*Task details:*
Repeat the lines below exactly as written, please, from the line with "Lemma expr_sqrt_half l" to the line with "have gamma2 : (s", both lines included, and no others.
-- Exercise inputs follows --
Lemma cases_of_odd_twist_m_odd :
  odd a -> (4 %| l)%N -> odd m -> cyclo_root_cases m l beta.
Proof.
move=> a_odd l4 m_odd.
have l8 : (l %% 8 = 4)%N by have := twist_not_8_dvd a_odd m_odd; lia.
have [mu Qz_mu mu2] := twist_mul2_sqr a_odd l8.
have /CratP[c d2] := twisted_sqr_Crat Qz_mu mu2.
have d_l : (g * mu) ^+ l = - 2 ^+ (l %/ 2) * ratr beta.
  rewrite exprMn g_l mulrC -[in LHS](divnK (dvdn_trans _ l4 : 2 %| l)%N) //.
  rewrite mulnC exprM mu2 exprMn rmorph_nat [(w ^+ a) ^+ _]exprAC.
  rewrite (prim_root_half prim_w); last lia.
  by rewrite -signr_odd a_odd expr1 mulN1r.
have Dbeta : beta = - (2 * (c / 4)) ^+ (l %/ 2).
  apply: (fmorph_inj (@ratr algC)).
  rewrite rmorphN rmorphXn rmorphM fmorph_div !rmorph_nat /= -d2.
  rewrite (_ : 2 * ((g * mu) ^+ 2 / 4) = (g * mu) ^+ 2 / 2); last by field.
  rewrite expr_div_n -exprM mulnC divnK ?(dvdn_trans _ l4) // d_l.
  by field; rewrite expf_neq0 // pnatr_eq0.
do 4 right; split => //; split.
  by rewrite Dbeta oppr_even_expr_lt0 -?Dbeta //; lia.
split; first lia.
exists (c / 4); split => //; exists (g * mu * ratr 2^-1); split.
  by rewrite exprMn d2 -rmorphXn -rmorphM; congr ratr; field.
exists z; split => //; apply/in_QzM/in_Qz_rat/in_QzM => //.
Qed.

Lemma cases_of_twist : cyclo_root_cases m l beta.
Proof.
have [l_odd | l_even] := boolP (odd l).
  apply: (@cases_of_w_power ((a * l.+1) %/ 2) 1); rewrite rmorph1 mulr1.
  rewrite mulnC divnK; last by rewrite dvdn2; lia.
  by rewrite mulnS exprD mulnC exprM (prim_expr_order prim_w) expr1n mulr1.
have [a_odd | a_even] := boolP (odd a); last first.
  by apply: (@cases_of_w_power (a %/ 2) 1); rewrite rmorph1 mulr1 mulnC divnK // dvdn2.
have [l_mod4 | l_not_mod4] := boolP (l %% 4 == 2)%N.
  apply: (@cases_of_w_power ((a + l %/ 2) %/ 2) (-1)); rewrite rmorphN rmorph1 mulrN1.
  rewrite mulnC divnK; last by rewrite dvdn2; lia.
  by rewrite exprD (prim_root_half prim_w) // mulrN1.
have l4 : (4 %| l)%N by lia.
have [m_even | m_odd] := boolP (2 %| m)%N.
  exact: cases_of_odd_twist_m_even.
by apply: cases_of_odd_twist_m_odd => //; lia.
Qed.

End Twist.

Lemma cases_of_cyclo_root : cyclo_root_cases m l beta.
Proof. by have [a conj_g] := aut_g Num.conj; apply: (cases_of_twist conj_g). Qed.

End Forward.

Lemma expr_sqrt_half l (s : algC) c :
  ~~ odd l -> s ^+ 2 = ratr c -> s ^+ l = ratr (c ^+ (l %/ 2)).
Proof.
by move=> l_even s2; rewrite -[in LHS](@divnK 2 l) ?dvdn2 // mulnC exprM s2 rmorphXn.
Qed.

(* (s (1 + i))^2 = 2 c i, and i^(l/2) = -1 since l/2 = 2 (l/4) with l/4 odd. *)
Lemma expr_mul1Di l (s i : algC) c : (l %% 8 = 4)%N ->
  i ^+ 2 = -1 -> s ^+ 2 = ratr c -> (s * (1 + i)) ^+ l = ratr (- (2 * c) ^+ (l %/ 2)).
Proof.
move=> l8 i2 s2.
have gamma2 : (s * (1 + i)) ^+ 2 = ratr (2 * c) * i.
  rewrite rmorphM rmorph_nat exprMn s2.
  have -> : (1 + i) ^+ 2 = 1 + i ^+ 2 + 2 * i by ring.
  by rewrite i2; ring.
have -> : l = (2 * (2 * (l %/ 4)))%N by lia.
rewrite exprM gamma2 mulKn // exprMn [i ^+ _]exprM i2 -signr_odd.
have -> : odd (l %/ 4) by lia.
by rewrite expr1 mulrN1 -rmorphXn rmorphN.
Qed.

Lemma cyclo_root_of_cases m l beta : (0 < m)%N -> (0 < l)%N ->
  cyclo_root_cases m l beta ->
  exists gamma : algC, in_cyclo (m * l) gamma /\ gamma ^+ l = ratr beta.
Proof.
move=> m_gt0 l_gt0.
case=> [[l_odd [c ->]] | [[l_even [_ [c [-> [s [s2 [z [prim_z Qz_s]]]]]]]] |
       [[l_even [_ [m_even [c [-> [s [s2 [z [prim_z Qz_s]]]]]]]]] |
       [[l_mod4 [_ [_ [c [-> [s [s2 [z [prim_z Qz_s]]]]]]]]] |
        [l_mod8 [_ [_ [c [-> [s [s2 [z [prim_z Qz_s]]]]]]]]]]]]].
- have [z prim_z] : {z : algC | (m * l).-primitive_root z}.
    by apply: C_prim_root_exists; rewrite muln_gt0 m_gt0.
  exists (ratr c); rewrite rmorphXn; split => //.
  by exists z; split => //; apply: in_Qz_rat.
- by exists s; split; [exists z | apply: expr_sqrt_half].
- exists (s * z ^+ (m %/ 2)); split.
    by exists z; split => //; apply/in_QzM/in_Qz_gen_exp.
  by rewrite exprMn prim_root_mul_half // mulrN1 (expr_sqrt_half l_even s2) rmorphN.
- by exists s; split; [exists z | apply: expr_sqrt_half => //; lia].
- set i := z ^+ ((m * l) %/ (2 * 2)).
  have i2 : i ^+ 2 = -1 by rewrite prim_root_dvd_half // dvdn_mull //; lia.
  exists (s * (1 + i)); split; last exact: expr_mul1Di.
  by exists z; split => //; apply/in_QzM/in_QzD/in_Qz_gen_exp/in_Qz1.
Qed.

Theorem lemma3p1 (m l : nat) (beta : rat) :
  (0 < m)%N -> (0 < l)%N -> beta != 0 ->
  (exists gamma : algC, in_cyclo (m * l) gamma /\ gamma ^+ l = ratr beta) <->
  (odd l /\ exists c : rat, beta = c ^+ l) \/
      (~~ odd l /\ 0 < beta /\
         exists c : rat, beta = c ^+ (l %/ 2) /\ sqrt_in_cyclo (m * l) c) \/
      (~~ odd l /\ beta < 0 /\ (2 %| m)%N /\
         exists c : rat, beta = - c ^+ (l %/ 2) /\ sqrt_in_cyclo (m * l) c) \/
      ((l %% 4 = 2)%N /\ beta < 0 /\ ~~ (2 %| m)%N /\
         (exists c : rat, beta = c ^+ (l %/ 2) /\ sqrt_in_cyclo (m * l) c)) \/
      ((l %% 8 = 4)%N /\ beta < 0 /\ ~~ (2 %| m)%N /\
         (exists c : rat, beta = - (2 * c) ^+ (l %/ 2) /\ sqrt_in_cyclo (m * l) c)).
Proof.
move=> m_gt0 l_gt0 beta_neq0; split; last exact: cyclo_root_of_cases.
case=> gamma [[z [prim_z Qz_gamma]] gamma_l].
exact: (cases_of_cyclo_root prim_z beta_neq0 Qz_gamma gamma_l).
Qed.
-- Exercise inputs concluded --
*Solution for this problem:*
Lemma expr_sqrt_half l (s : algC) c :
  ~~ odd l -> s ^+ 2 = ratr c -> s ^+ l = ratr (c ^+ (l %/ 2)).
Proof.
by move=> l_even s2; rewrite -[in LHS](@divnK 2 l) ?dvdn2 // mulnC exprM s2 rmorphXn.
Qed.

(* (s (1 + i))^2 = 2 c i, and i^(l/2) = -1 since l/2 = 2 (l/4) with l/4 odd. *)
Lemma expr_mul1Di l (s i : algC) c : (l %% 8 = 4)%N ->
  i ^+ 2 = -1 -> s ^+ 2 = ratr c -> (s * (1 + i)) ^+ l = ratr (- (2 * c) ^+ (l %/ 2)).
Proof.
move=> l8 i2 s2.
have gamma2 : (s * (1 + i)) ^+ 2 = ratr (2 * c) * i.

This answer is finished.